Generated data assigns status = statuses[index % 3] and the scenario selects makeSelectionState(rows, 30) (every 30th index). Since index % 30 === 0 ⇒ index % 3 === 0 ⇒ status === 'single', and the filter is equalsString: 'single', every selected row passes the filter. v9's getFilteredSelectedRowModel currently walks the CORE model (#102/C9), yet produces byte-identical checksums here — the scenario is structurally unable to catch it. The same run's groupedSelected10Percent DID catch the grouped variant (checksum DIFF, 0 rows), which is what makes the sibling gap visible.

Fix: select ids straddling the filter, e.g. state[String(index)] = true for index % 30 === 0 AND index % 30 === 1 (status single and relationship). v8 then returns only the single half; a core-model walk returns both, and the checksum/row-count comparison fails loudly. Keep the scenario until C9's fix lands with a regression test in table-core itself. Until then, exclude both filteredSelected* and groupedSelected* comparisons from headline win numbers (the −50% @20k "regression" and the +90% "win" are both artifacts of C9).


N5. Benchmark harness: warmups: 0 with 5 iterations makes sub-millisecond scenarios report ±50–200% phantom deltas — Score: n/a (benchmark repo)

Status: [x] done Implementation note: Default warmups raised 0 → 2 in scripts/run-row-model-bench.ts (CLI --warmups still overrides; warmup samples were already excluded from results). The comparison layer now sets subMillisecond: true on JSON rows where both medians are < 1 ms, and the HTML comparison table renders those rows muted with a "sub-ms" marker instead of a colored percent delta.

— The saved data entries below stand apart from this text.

(* Let $q$ be prime and let $S$ be the $k\times 2n$ generator matrix over $\mathbb{Z}_q$ of a stabilizer code on $n$ qudits with $k$ generators, and let $M\in\mathbb{Z}^{k\times 2n}$ be its invariant form. Then there exist integer vectors $\bar X_1,\dots,\bar X_{n-k},\bar Z_1,\dots,\bar Z_{n-k}\in\mathbb{Z}^{2n}$ such that (i) their reductions mod $q$ form a complete set of logical operators of the code, i.e. they commute mod $q$ with all rows of $S$, are independent of the stabilizers, and satisfy $\bar X_i\odot\bar Z_j\equiv\delta_{ij}$, $\bar X_i\odot\bar X_j\equiv\bar Z_i\odot\bar Z_j\equiv 0 \pmod q$ for all $i,j$; and (ii) each of them has symplectic product exactly $0$ over $\mathbb{Z}$ with every row of $M$. Moreover, constructing them does not change $M$.
   Context: $n$-qudit Paulis over $q$ levels are represented (up to phase) by exponent vectors $(a|b)\in\mathbb{Z}_q^{2n}$; integer lifts are in $\mathbb{Z}^{2n}$. Symplectic product: $u\odot v=\sum_{l=1}^n (v_{z,l}u_{x,l}-v_{x,l}u_{z,l})$, computed mod $q$ or over $\mathbb{Z}$. Two Paulis commute iff their symplectic product is $0 \bmod q$. Logical operators are elements of the normalizer of the stabilizer group not in the stabilizer group. An invariant form of $S$ is an integer matrix $M\equiv S\pmod q$ whose rows have pairwise integer symplectic product $0$ (obtained from the canonical form $(I_k\ X_2|Z_1\ Z_2)$ by adding to $Z_1$ the strictly lower triangular matrix $L$ with $L_{ij}=\phi(s_i)\odot\phi(s_j)$ over $\mathbb{Z}$ for $i>j$). *)

From HB Require Import structures.
From mathcomp Require Import all_boot all_order all_algebra.
Set Implicit Arguments. Unset Strict Implicit. Unset Printing Implicit Defensive.
Import GRing.Theory Num.Theory.
Local Open Scope ring_scope.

Location: benchmark-examples/scripts/run-row-model-bench.ts (options: warmups: 0, iterations: 5) Category: benchmark-methodology

Scenarios whose medians are ≤0.6 ms (includesStringSensitive @1k: 0.1→0.3 ms = "−200%", statusFacetedRowsWithTextFilter @20k: 0.2→0.3 ms = "−50%", sorting basic/text @1k, pagination:*, expanding collapsed/partialExpanded) are dominated by first-run JIT/IC warm-up and timer granularity, and their percent deltas flip sign between the two directions of the same sorting scenario in this very run.

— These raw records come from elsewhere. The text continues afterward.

(* Let $L\ge 1$ and consider the following Markov process on $\{0,1\}^L$, with coordinates indexed by $\{0,1,\dots,L-1\}$ and started from an arbitrary state $\Gamma^0$. Given the state $\Gamma^i$, the state $\Gamma^{i+1}$ is obtained by choosing a permutation $\sigma$ of $\{0,\dots,L-1\}$ uniformly at random (independently of the past), setting $\Delta_0=\Gamma^i$, and for $1\le j\le L$ letting $\Delta_j$ be obtained from $\Delta_{j-1}$ by setting $\Delta_j(\sigma(j-1))=\Delta_{j-1}((\sigma(j-1)+1)\bmod L)$ and $\Delta_j(t)=\Delta_{j-1}(t)$ for all $t\ne\sigma(j-1)$; finally $\Gamma^{i+1}=\Delta_L$. Let $T$ be the first time at which the process is in the all-$0$ or the all-$1$ state. Then for every integer $a\ge1$, $\Pr[T\ge 4aL^2]\le L\,2^{-a}$. *)

From mathcomp Require Import all_boot all_order all_algebra all_fingroup.
Set Implicit Arguments. Unset Strict Implicit. Unset Printing Implicit Defensive.
Import GRing.Theory Num.Theory.

Definition state (L : nat) := {ffun 'I_L -> bool}.

Definition upd (L : nat) (g : state L) (s : 'I_L) : state L :=
  [ffun t => if t == s then g (ordS s) else g t].

(* One step of the chain driven by the permutation sigma:
   Delta_0 = g, Delta_j = upd Delta_{j-1} (sigma (j-1)) for j = 1..L,
   result Delta_L.  (enum 'I_L lists 0,1,...,L-1 in increasing order.) *)
Definition step (L : nat) (sigma : {perm 'I_L}) (g : state L) : state L :=
  foldl (fun d j => upd d (sigma j)) g (enum 'I_L).

Definition gam (L : nat) (g0 : state L) (ss : seq {perm 'I_L}) (i : nat)
  : state L :=
  foldl (fun g sigma => step sigma g) g0 (take i ss).

Definition absorbed (L : nat) (g : state L) : bool :=
  [forall t, g t == false] || [forall t, g t == true].

(* Pr[T >= n] where T = first time the process is absorbed: the event
   {Gamma^i not absorbed for all i < n} depends only on the first n
   permutations, which are i.i.d. uniform on S_L; so the probability is the
   proportion of n-tuples of permutations realizing it. *)
Definition prob_T_ge (L : nat) (g0 : state L) (n : nat) : rat :=
  (#|[set ss : n.-tuple {perm 'I_L} |
        [forall i : 'I_n, ~~ absorbed (gam g0 ss i)]]|%:R
   / (#|{perm 'I_L}| ^ n)%:R)%R.

From mathcomp Require Import all_boot all_order all_algebra all_fingroup.
From mathcomp Require Import zify ring lra.
Set Implicit Arguments. Unset Strict Implicit. Unset Printing Implicit Defensive.
Import Order.TTheory GRing.Theory Num.Theory.

(* Let X be the number of ones of the state.  Averaged over the uniformly
   random update order sigma, X is a martingale: by rotation invariance every
   coordinate is, on average, the source of exactly one final value.  If the
   state is not absorbed, pick u with Gamma(u+1) <> Gamma(u+2).  Whenever u+2
   is updated after both u and u+1 (probability at least 1/3, or always when
   L = 2), the orders sigma and sigma.(u u+1) produce different numbers of
   ones, so at least one of them changes X; hence X moves with probability at
   least 1/6.  The potential X (L - X) <= L^2/4 therefore drops by at least 1/6
   in expectation at every non-absorbed step, so E[min(T, n)] <= 6 L^2/4 and
   Pr[T >= 4 L^2] <= 1/2; the Markov property turns this into
   Pr[T >= 4 a L^2] <= 2^-a. *)

Lemma ordS_neq L (x : 'I_L) : (1 < L)%N -> ordS x != x.
Proof.
move=> L_gt1; apply/eqP => /(congr1 val) /=.
have [lt_xL|le_Lx] := ltnP x.+1 L; first by rewrite modn_small // => /eqP; rewrite gtn_eqF.
have eq_xL : x.+1 = L by apply/eqP; rewrite eqn_leq ltn_ord.
by rewrite eq_xL modnn => x0; move: L_gt1; rewrite -eq_xL -x0.
Qed.

Lemma ordinal_gt1 L (x y : 'I_L) : x != y -> (1 < L)%N.
Proof.
rewrite ltnNge; apply: contra => L_le1; apply/eqP/ord_inj.
by have := ltn_ord x; have := ltn_ord y; lia.
Qed.

Lemma ordS_invariant_const L (T : Type) (f : 'I_L -> T) :
  (forall t, f (ordS t) = f t) -> forall s t, f s = f t.
Proof.
case: L f => [|n] f f_ordS s t; first by case: s.
suff f0 (r : 'I_n.+1) : f r = f ord0 by rewrite !f0.
case: r => r; elim: r => [|r IH] lt_r; first by congr f; apply: val_inj.
have -> : Ordinal lt_r = ordS (Ordinal (ltnW lt_r)) by apply: val_inj; rewrite /= modn_small.
by rewrite f_ordS IH.
Qed.

Lemma uniq_split2 (T : eqType) (x y : T) P M S : uniq (P ++ x :: M ++ y :: S) ->
  [/\ x \notin P ++ M ++ S, y \notin P ++ M ++ S & x != y].
Proof.
have /perm_uniq -> : perm_eq (P ++ x :: M ++ y :: S) (x :: y :: P ++ M ++ S).
  by rewrite -cat1s perm_catCA /= perm_cons -cat1s catA perm_catCA /= perm_cons catA.
by rewrite /= inE negb_or => /and3P[/andP[-> ->] -> _].
Qed.

Lemma split_ordered (T : eqType) (l : seq T) x y z :
  uniq l -> y \in l -> (index x l < index y l)%N ->
  (z == x) || (index y l < index z l)%N ->
  exists P M S, l = P ++ x :: M ++ y :: S /\ z \notin P ++ M.
Proof.
move=> uniq_l yl lt_xy z_late.
have xA : x \in take (index y l) l by rewrite in_take_leq ?index_size.
have zA : z \in take (index y l) l -> z = x.
  rewrite in_take_leq ?index_size // => lt_zy.
  by move: z_late; rewrite ltnNge ltnW //= orbF => /eqP.
move: xA uniq_l zA; case/path.splitP: yl => A S; case/splitPr => P M.
rewrite cat_rcons -catA /= => uniq_l zA; exists P, M, S; split=> //.
have [xPMS _ _] := uniq_split2 uniq_l; apply: contraNN xPMS => zPM.
have <- : z = x by apply: zA; move: zPM; rewrite !mem_cat inE => /orP[->|->]; rewrite ?orbT.
by rewrite catA mem_cat zPM.
Qed.
(* Let $X$ be a real Banach space and let $A: X \rightrightarrows X^*$ be a maximal monotone operator whose Fitzpatrick family is a singleton, i.e. $\mathcal{F}_A = \{F_A\}$. Then the following are equivalent: (i) $A$ is $3$-monotone; (ii) $A$ is cyclically monotone. Moreover, in this case, for every $v^* \in \mathrm{Im}(A)$ the function $x \mapsto F_A(x,v^* )$ is proper, convex and lower semicontinuous on $X$, and \[ A = \partial F_A(\cdot, v^* ). \]
   Context: A function $h: X\times X^* \to \mathbb{R}\cup\{+\infty\}$ is a representative function of $A$ if (R1) $h$ is proper, convex and lower semicontinuous; (R2) $h(x,x^* ) \ge \langle x,x^*\rangle$ for all $(x,x^* )\in X\times X^*$; (R3) $h(x,x^* ) = \langle x,x^*\rangle$ for all $(x,x^* )\in \mathrm{Gr}(A)$. The Fitzpatrick family $\mathcal{F}_A$ is the set of all representative functions of $A$. The Fitzpatrick function is $F_A(x,x^* ) = \sup_{(y,y^* )\in\mathrm{Gr}(A)}\{\langle y,x^*\rangle + \langle x,y^*\rangle - \langle y,y^*\rangle\}$. $\mathrm{Im}(A) = \{x^*: \exists x,\ x^*\in Ax\}$. $A$ is $n$-monotone if $\sum_{i=1}^n \langle a_i,a_i^*\rangle \ge \sum_{i=1}^n \langle a_{i+1},a_i^*\rangle$ for all $(a_i,a_i^* )\in\mathrm{Gr}(A)$, $i=1,\dots,n$, with $a_{n+1}=a_1$; cyclically monotone means $n$-monotone for all $n\in\mathbb{N}$. $\partial$ denotes the convex subdifferential. *)

(* X : a real Banach space (completeNormedModType R
   over a realType R); the dual X-star is represented by the functions X -> R that
   are linear and continuous (predicate [is_dual]); the duality pairing
   <x, x-star> is the application x-star x. *)
From HB Require Import structures.
From mathcomp Require Import all_boot all_order all_algebra.
From mathcomp Require Import all_classical all_reals all_analysis.
Set Implicit Arguments. Unset Strict Implicit. Unset Printing Implicit Defensive.
Import Order.TTheory GRing.Theory Num.Theory.
Import numFieldNormedType.Exports.
Local Open Scope classical_set_scope.
Local Open Scope ring_scope.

Fix: (a) add ≥2 warmup runs before sampling; (b) in the comparison/report layer, suppress or visually de-emphasize percent deltas when BOTH medians are under ~1 ms (report absolute ms instead); (c) optionally auto-batch sub-ms cases (run the target k times per sample) so the measured quantity clears timer resolution.


3. Benchmark-evidence updates to existing catalog entries

#102 / C9: FIXED 2026-07-03 — moved to perf-done.md (originally perf-todo.md, Score 6)

The 2026-07-03 run provides the first end-to-end proof, and it is worse than "report-only":

  • selection:groupedSelected10Percent — v9 returns an empty row model (0 rows vs v8's 10 group rows) at every row count; checksum DIFF at 1k/20k/100k/400k. Group-row ids (group:group-N) simply don't exist in the core model that table_getGroupedSelectedRowModel walks (rowSelectionFeature.utils.ts:284).
  • selection:filteredSelected10Percent @20k — v9 is measurably slower than v8 (0.6 vs 0.4 ms) because it walks all 20k core rows where v8 walks the 6.7k filtered rows. At 100k/400k v9 still nets out faster only because selectRowsFn itself got cheaper. Fixing C9 makes v9 strictly faster AND correct.
  • The scenario-design gap that let the filtered variant slip through checksum comparison is N4 above.

The getIsSomeRowsSelected "some ⇒ any" semantic change adjacent to this code is already recorded as deliberate in perf-done (#47 notes) — no action there.

#78 / B9+E14 sort-key precomputation (perf-todo.md, Score 6): text sorting is now the worst scenario in the suite relative to v8

Baseline evidence for prioritization: sorting:text is the ONLY comparator scenario at parity with v8 (400k: 1311→1343 ms and 1392→1187 ms across the two directions; 100k: −2.4% / +17.9%), because the per-comparison toString(value).toLowerCase() allocation (~2 × R log R per sort) is identical in both versions and dwarfs the #49 clone-removal win. Decorate-sort- undecorate converts those ~15M toLowerCase calls per 400k sort into R=400k, and would pull text in line with the −50%+ scenarios. N3 above is the cheap interim if #78 stays blocked; N2's wrapper fix also trims the same path.